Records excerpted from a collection
-- Opening Marker --

(* For real $r,\omega$ with $\sinh^22r+\sin^22\omega>0$ define $$\rho^{\natural}(r,\omega)=\frac{\cosh2r-\cos2\omega}{\cosh2r+\cos2\omega},$$ and $\theta^{\natural}(r,\omega)$ (mod $2\pi$) by $$\cos\theta^{\natural}=\frac{\sinh^22r-\sin^22\omega}{\sinh^22r+\sin^22\omega},\qquad \sin\theta^{\natural}=\frac{2\sinh2r\sin2\omega}{\sinh^22r+\sin^22\omega}$$ (so that $\tan(\theta^{\natural}/2)=\sin2\omega/\sinh2r$), and for $\phi\in\mathbb{R}$ set $\mathrm{trh}^{\natural}(r,\omega;\phi)=\rho^{\natural}(r,\omega)\cos(\phi+\theta^{\natural}(r,\omega))$. Then for $|r|<1$ and all $i,j\ge0$, uniformly in $\phi$, $$\frac{\partial^{i+j}\,\mathrm{trh}^{\natural}(r,\omega;\phi)}{\partial r^i\partial\omega^j}\ll_{i,j}\frac{\rho^{\natural}(r,\omega)}{(\cosh^22r-\cos^22\omega)^{(i+j)/2}}.$$
   Context: Note that $\cosh^22r-\cos^22\omega=\sinh^22r+\sin^22\omega$. *)

From Stdlib Require Import Reals ClassicalEpsilon.
From Coquelicot Require Import Coquelicot.
Open Scope R_scope.

Definition rho_nat (r w : R) : R :=
  (cosh (2 * r) - cos (2 * w)) / (cosh (2 * r) + cos (2 * w)).

Definition cos_theta_nat (r w : R) : R :=
  (sinh (2 * r) ^ 2 - sin (2 * w) ^ 2) / (sinh (2 * r) ^ 2 + sin (2 * w) ^ 2).
Definition sin_theta_nat (r w : R) : R :=
  2 * sinh (2 * r) * sin (2 * w) / (sinh (2 * r) ^ 2 + sin (2 * w) ^ 2).

Definition theta_nat (r w : R) : R :=
  epsilon (inhabits 0)
    (fun t => cos t = cos_theta_nat r w /\ sin t = sin_theta_nat r w).

Definition trh_nat (r w phi : R) : R :=
  rho_nat r w * cos (phi + theta_nat r w).

Definition partial_rw (f : R -> R -> R) (i j : nat) (r w : R) : R :=
  Derive_n (fun r' => Derive_n (fun w' => f r' w') j w) i r.

(* Write T(r,w) = (sinh 2r + i sin 2w) / (cosh 2r + cos 2w), which is tanh (r + i w).
   Then rho^natural = |T|^2 and (cos theta^natural, sin theta^natural) is the direction
   of T^2, so that trh^natural(r,w;phi) = Re (e^{i phi} T^2).  Since
   d T / d r = 1 - T^2 and d T / d w = i (1 - T^2), induction gives
       d^{i+j} trh / dr^i dw^j = Re (e^{i phi} i^j P_{i+j}(T)),
   where P_0 = X^2 and P_{n+1} = P_n' (1 - X^2) is a polynomial of degree <= n + 2.
   With D = cosh 2r + cos 2w we have |1 - T^2| D = 2, |T| D = sqrt (cosh^2 2r - cos^2 2w)
   and D <= 10 when |r| < 1; these give |P_n(T)| (|T| D)^n <= K_n |T|^2 = K_n rho. *)

From Stdlib Require Import Reals Lra Lia Nsatz ClassicalEpsilon.
From Coquelicot Require Import Coquelicot.
Open Scope R_scope.

Lemma cosh_sq (x : R) : cosh x ^ 2 = 1 + sinh x ^ 2.
Proof.
  unfold cosh, sinh. rewrite exp_Ropp.
  assert (exp x > 0) by apply exp_pos. field. lra.
Qed.

Lemma cosh_ge_1 (x : R) : 1 <= cosh x.
Proof.
  assert (0 < cosh x).
  { unfold cosh. pose proof (exp_pos x). pose proof (exp_pos (- x)). lra. }
  pose proof (cosh_sq x). nra.
Qed.

Lemma cos_sq_add_sin_sq (x : R) : cos x ^ 2 + sin x ^ 2 = 1.
Proof. pose proof (sin2_cos2 x). unfold Rsqr in *. lra. Qed.

(* Any point of the unit circle is (cos t, sin t) for some real t; this is what
   makes the epsilon-choice in theta_nat meaningful. *)
Lemma angle_of_unit_vector (c s : R) :
  c ^ 2 + s ^ 2 = 1 -> exists t, cos t = c /\ sin t = s.
Proof.
  intros H. assert (Hc : -1 <= c <= 1) by nra.
  assert (Hs : sqrt (1 - c²) = Rabs s).
  { rewrite <- sqrt_Rsqr_abs. f_equal. unfold Rsqr. nra. }
  destruct (Rle_or_lt 0 s) as [Hs0 | Hs0].
  - exists (acos c). rewrite cos_acos, sin_acos, Hs, Rabs_pos_eq; auto.
  - exists (- acos c). rewrite cos_neg, sin_neg, cos_acos, sin_acos, Hs, Rabs_left; auto.
    split; [reflexivity | ring].
Qed.

Definition den (r w : R) : R := cosh (2 * r) + cos (2 * w).
Definition regular (r w : R) : Prop := 0 < sinh (2 * r) ^ 2 + sin (2 * w) ^ 2.

Lemma den_mul_conj (r w : R) :
  den r w * (cosh (2 * r) - cos (2 * w)) = sinh (2 * r) ^ 2 + sin (2 * w) ^ 2.
Proof.
  unfold den. pose proof (cosh_sq (2 * r)). pose proof (cos_sq_add_sin_sq (2 * w)). nra.
Qed.

Lemma den_pos_and_conj_pos (r w : R) :
  regular r w -> 0 < den r w /\ 0 < cosh (2 * r) - cos (2 * w).
Proof.
  unfold regular. intros H. pose proof (den_mul_conj r w).
  pose proof (cosh_ge_1 (2 * r)). pose proof (COS_bound (2 * w)).
  unfold den in *. split; nra.
Qed.

Lemma den_le_10 (r w : R) : Rabs r < 1 -> den r w <= 10.
Proof.
  intros Hr. apply Rabs_def2 in Hr. unfold den, cosh.
  pose proof (COS_bound (2 * w)).
  assert (exp 2 <= 9).
  { replace 2 with (1 + 1) by ring. rewrite exp_plus.
    pose proof exp_le_3. pose proof (exp_pos 1). nra. }
  assert (exp (2 * r) <= exp 2) by (apply Rlt_le, exp_increasing; lra).
  assert (exp (- (2 * r)) <= exp 2) by (apply Rlt_le, exp_increasing; lra).
  lra.
Qed.

(* T(r,w) = tanh (r + i w). *)
Definition tanhC (r w : R) : C := (sinh (2 * r) / den r w, sin (2 * w) / den r w).

Lemma Cmod_tanhC_sq (r w : R) : regular r w -> Cmod (tanhC r w) ^ 2 = rho_nat r w.
Proof.
  intros HP. destruct (den_pos_and_conj_pos r w HP) as [HD HM].
  pose proof (den_mul_conj r w).
  rewrite Cmod2_alt. unfold tanhC, rho_nat; simpl Re; simpl Im.
  unfold den in *. field_simplify_eq; [nra | lra].
Qed.

Lemma Cmod_tanhC_pos (r w : R) : regular r w -> 0 < Cmod (tanhC r w).
Proof.
  intros HP. destruct (den_pos_and_conj_pos r w HP) as [HD HM].
  assert (Hrho : 0 < rho_nat r w) by (unfold rho_nat, den in *; apply Rdiv_lt_0_compat; lra).
  rewrite <- (Cmod_tanhC_sq r w HP) in Hrho. pose proof (Cmod_ge_0 (tanhC r w)). nra.
Qed.

Lemma Cmod_sech_sq_den (r w : R) :
  regular r w -> Cmod (1 - tanhC r w * tanhC r w)%C * den r w = 2.
Proof.
  intros HP. destruct (den_pos_and_conj_pos r w HP) as [HD _].
  assert (E : Cmod (1 - tanhC r w * tanhC r w)%C ^ 2 = (2 / den r w) ^ 2).
  { pose proof (cosh_sq (2 * r)) as Hch. pose proof (cos_sq_add_sin_sq (2 * w)) as Hcs.
    rewrite Cmod2_alt. unfold tanhC, Cminus, Cplus, Copp, Cmult; simpl.
    unfold den in *. field_simplify_eq; [ | lra].
    revert Hch Hcs. generalize (cosh (2 * r)) (sinh (2 * r)) (cos (2 * w)) (sin (2 * w)).
    intros a b c d H1 H2. cbn [pow] in *. nsatz. }
  rewrite <- (sqrt_pow2 (Cmod _)) by apply Cmod_ge_0.
  rewrite E, sqrt_pow2 by (apply Rlt_le, Rdiv_lt_0_compat; lra).
  field. lra.
Qed.

Lemma rho_mul_den_sq (r w : R) :
  regular r w -> rho_nat r w * den r w ^ 2 = cosh (2 * r) ^ 2 - cos (2 * w) ^ 2.
Proof.
  intros HP. destruct (den_pos_and_conj_pos r w HP) as [HD _].
  unfold rho_nat. unfold den in *. field. lra.
Qed.

Lemma trh_nat_as_re (r w phi : R) :
  regular r w -> trh_nat r w phi = Re ((cos phi, sin phi) * (tanhC r w * tanhC r w))%C.
Proof.
  intros HP. destruct (den_pos_and_conj_pos r w HP) as [HD HM].
  pose proof (cosh_sq (2 * r)) as Hch. pose proof (cos_sq_add_sin_sq (2 * w)) as Hcs.
  unfold trh_nat, theta_nat.
  destruct (epsilon_spec (inhabits 0)
    (fun t => cos t = cos_theta_nat r w /\ sin t = sin_theta_nat r w)) as [Ec Es].
  { apply angle_of_unit_vector. unfold cos_theta_nat, sin_theta_nat.
    unfold regular in HP. field_simplify_eq; [ring | lra]. }
  rewrite cos_plus, Ec, Es.
  unfold rho_nat, cos_theta_nat, sin_theta_nat, tanhC; simpl.
  unfold regular, den in *.
  field_simplify_eq.
  - rewrite Hch. replace (cos (2 * w) ^ 2) with (1 - sin (2 * w) ^ 2) by lra. ring.
  - repeat split; lra.
Qed.

Definition is_derive_C (f : R -> C) (x : R) (l : C) : Prop :=
  is_derive (fun t => Re (f t)) x (Re l) /\ is_derive (fun t => Im (f t)) x (Im l).

Lemma is_derive_C_const (c : C) (x : R) : is_derive_C (fun _ => c) x 0%C.
Proof. split; simpl; apply (is_derive_const (_ : R)). Qed.

Lemma is_derive_C_plus (f g : R -> C) (x : R) (a b : C) :
  is_derive_C f x a -> is_derive_C g x b -> is_derive_C (fun t => f t + g t)%C x (a + b)%C.
Proof.
  intros [Hf1 Hf2] [Hg1 Hg2]; split; simpl.
  - apply (is_derive_plus (fun t => Re (f t)) (fun t => Re (g t))); auto.
  - apply (is_derive_plus (fun t => Im (f t)) (fun t => Im (g t))); auto.
Qed.

Lemma is_derive_Rmult (f g : R -> R) (x a b : R) :
  is_derive f x a -> is_derive g x b -> is_derive (fun t => f t * g t) x (a * g x + f x * b).
Proof. intros. apply (is_derive_mult f g); auto. intros; apply Rmult_comm. Qed.

Lemma is_derive_C_mult (f g : R -> C) (x : R) (a b : C) :
  is_derive_C f x a -> is_derive_C g x b ->
  is_derive_C (fun t => f t * g t)%C x (a * g x + f x * b)%C.
Proof.
  intros [Hf1 Hf2] [Hg1 Hg2]; split.
  - apply (is_derive_ext (fun t => Re (f t) * Re (g t) - Im (f t) * Im (g t))).
    { intros t. symmetry. apply re_mult. }
    replace (Re (a * g x + f x * b)%C) with ((Re a * Re (g x) + Re (f x) * Re b)
      - (Im a * Im (g x) + Im (f x) * Im b)) by (unfold Re, Im; simpl; ring).
    apply (is_derive_minus (fun t => Re (f t) * Re (g t)) (fun t => Im (f t) * Im (g t)));
      apply is_derive_Rmult; auto.
  - apply (is_derive_ext (fun t => Re (f t) * Im (g t) + Im (f t) * Re (g t))).
    { intros t. symmetry. apply im_mult. }
    replace (Im (a * g x + f x * b)%C) with ((Re a * Im (g x) + Re (f x) * Im b)
      + (Im a * Re (g x) + Im (f x) * Re b)) by (unfold Re, Im; simpl; ring).
    apply (is_derive_plus (fun t => Re (f t) * Im (g t)) (fun t => Im (f t) * Re (g t)));
      apply is_derive_Rmult; auto.
Qed.

(* Polynomials with complex coefficients as coefficient lists (constant term first),
   evaluated by Horner's rule. *)
Fixpoint peval (Q : list C) (z : C) : C :=
  match Q with nil => 0%C | c :: Q' => (c + z * peval Q' z)%C end.

Fixpoint padd (A B : list C) : list C :=
  match A, B with
  | nil, _ => B
  | _, nil => A
  | a :: A', b :: B' => (a + b)%C :: padd A' B'
  end.

(* Formal derivative: (c + X Q)' = Q + X Q'; a constant has derivative nil, so that
   the length drops by one. *)
Fixpoint pder (Q : list C) : list C :=
  match Q with
  | nil => nil
  | _ :: Q' => match Q' with nil => nil | _ => padd Q' (RtoC 0 :: pder Q') end
  end.

Definition mul_one_sub_sq (Q : list C) : list C := padd Q (RtoC 0 :: RtoC 0 :: map Copp Q).

Fixpoint deriv_poly (n : nat) : list C :=
  match n with
  | O => RtoC 0 :: RtoC 0 :: RtoC 1 :: nil
  | S n => mul_one_sub_sq (pder (deriv_poly n))
  end.

Lemma peval_padd (A B : list C) (z : C) :
  peval (padd A B) z = (peval A z + peval B z)%C.
Proof.
  revert B; induction A as [|a A IH]; intros [|b B]; simpl; try ring.
  rewrite IH. ring.
Qed.

Lemma peval_mul_one_sub_sq (Q : list C) (z : C) :
  peval (mul_one_sub_sq Q) z = (peval Q z * (1 - z * z))%C.
Proof.
  unfold mul_one_sub_sq. rewrite peval_padd. simpl.
  assert (E : peval (map Copp Q) z = (- peval Q z)%C).
  { induction Q as [|c Q IH]; simpl; [ring | rewrite IH; ring]. }
  rewrite E. ring.
Qed.

Lemma is_derive_C_peval (Q : list C) (f : R -> C) (x : R) (d : C) :
  is_derive_C f x d -> is_derive_C (fun t => peval Q (f t)) x (peval (pder Q) (f x) * d)%C.
Proof.
  intros Hf. induction Q as [|c Q IH]; cbn [peval].
  - simpl. replace (0 * d)%C with (RtoC 0) by ring. apply is_derive_C_const.
  - replace (peval (pder (c :: Q)) (f x) * d)%C
      with (0 + (d * peval Q (f x) + f x * (peval (pder Q) (f x) * d)))%C.
    + apply is_derive_C_plus; [apply is_derive_C_const | apply is_derive_C_mult; auto].
    + destruct Q as [|c' Q']; [simpl; ring |].
      cbn [pder]. rewrite peval_padd. cbn [peval]. ring.
Qed.

Lemma is_derive_tanhC_r (r w : R) :
  regular r w -> is_derive_C (fun r => tanhC r w) r (1 - tanhC r w * tanhC r w)%C.
Proof.
  intros HP. destruct (den_pos_and_conj_pos r w HP) as [HD _].
  pose proof (cosh_sq (2 * r)). pose proof (cos_sq_add_sin_sq (2 * w)).
  unfold den in HD.
  split; unfold tanhC, den; simpl; auto_derive; try lra; field_simplify_eq; try nsatz; lra.
Qed.

Lemma is_derive_tanhC_w (r w : R) :
  regular r w -> is_derive_C (fun w => tanhC r w) w (Ci * (1 - tanhC r w * tanhC r w))%C.
Proof.
  intros HP. destruct (den_pos_and_conj_pos r w HP) as [HD _].
  pose proof (cosh_sq (2 * r)). pose proof (cos_sq_add_sin_sq (2 * w)).
  unfold den in HD.
  split; unfold tanhC, den; simpl; auto_derive; try lra; field_simplify_eq; try nsatz; lra.
Qed.

Definition re_poly_T (c : C) (Q : list C) (r w : R) : R := Re (c * peval Q (tanhC r w))%C.

Lemma is_derive_re_poly_T_r (c : C) (Q : list C) (r w : R) : regular r w ->
  is_derive (fun r => re_poly_T c Q r w) r (re_poly_T c (mul_one_sub_sq (pder Q)) r w).
Proof.
  intros HP. unfold re_poly_T. rewrite peval_mul_one_sub_sq.
  destruct (is_derive_C_mult (fun _ => c) _ r 0%C _ (is_derive_C_const c r)
              (is_derive_C_peval Q _ _ _ (is_derive_tanhC_r r w HP))) as [H _].
  replace (Re (c * _))%C with (Re (0 * peval Q (tanhC r w)
    + c * (peval (pder Q) (tanhC r w) * (1 - tanhC r w * tanhC r w))))%C.
  - exact H.
  - f_equal. ring.
Qed.

Lemma is_derive_re_poly_T_w (c : C) (Q : list C) (r w : R) : regular r w ->
  is_derive (fun w => re_poly_T c Q r w) w (re_poly_T (c * Ci) (mul_one_sub_sq (pder Q)) r w).
Proof.
  intros HP. unfold re_poly_T. rewrite peval_mul_one_sub_sq.
  destruct (is_derive_C_mult (fun _ => c) _ w 0%C _ (is_derive_C_const c w)
              (is_derive_C_peval Q _ _ _ (is_derive_tanhC_w r w HP))) as [H _].
  replace (Re (c * Ci * _))%C with (Re (0 * peval Q (tanhC r w)
    + c * (peval (pder Q) (tanhC r w) * (Ci * (1 - tanhC r w * tanhC r w)))))%C.
  - exact H.
  - f_equal. ring.
Qed.

Lemma Derive_n_of_family (P : R -> Prop) (P_open : forall x, P x -> locally x P)
  (G : nat -> R -> R) (HG : forall k x, P x -> is_derive (G k) x (G (S k) x))
  (f : R -> R) (Hf : forall x, P x -> f x = G O x) :
  forall n x, P x -> Derive_n f n x = G n x.
Proof.
  induction n as [|n IH]; intros x Hx; simpl; auto.
  rewrite (Derive_ext_loc _ (G n)).
  - apply is_derive_unique. auto.
  - apply (filter_imp P); auto.
Qed.

Lemma locally_pos_of_derivable (f : R -> R) (x : R) :
  ex_derive f x -> 0 < f x -> locally x (fun y => 0 < f y).
Proof.
  intros Hd Hp. apply ex_derive_continuous in Hd.
  apply Hd. exists (mkposreal _ Hp). intros y Hy. simpl in *.
  unfold ball in Hy; simpl in Hy; unfold AbsRing_ball, abs, minus, plus, opp in Hy; simpl in Hy.
  apply Rabs_def2 in Hy. lra.
Qed.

-- Closing Marker --

--- Task objective ---
The answer is a bare number: how many lines of the records contain the string "natural"?

--- Output of the task ---
3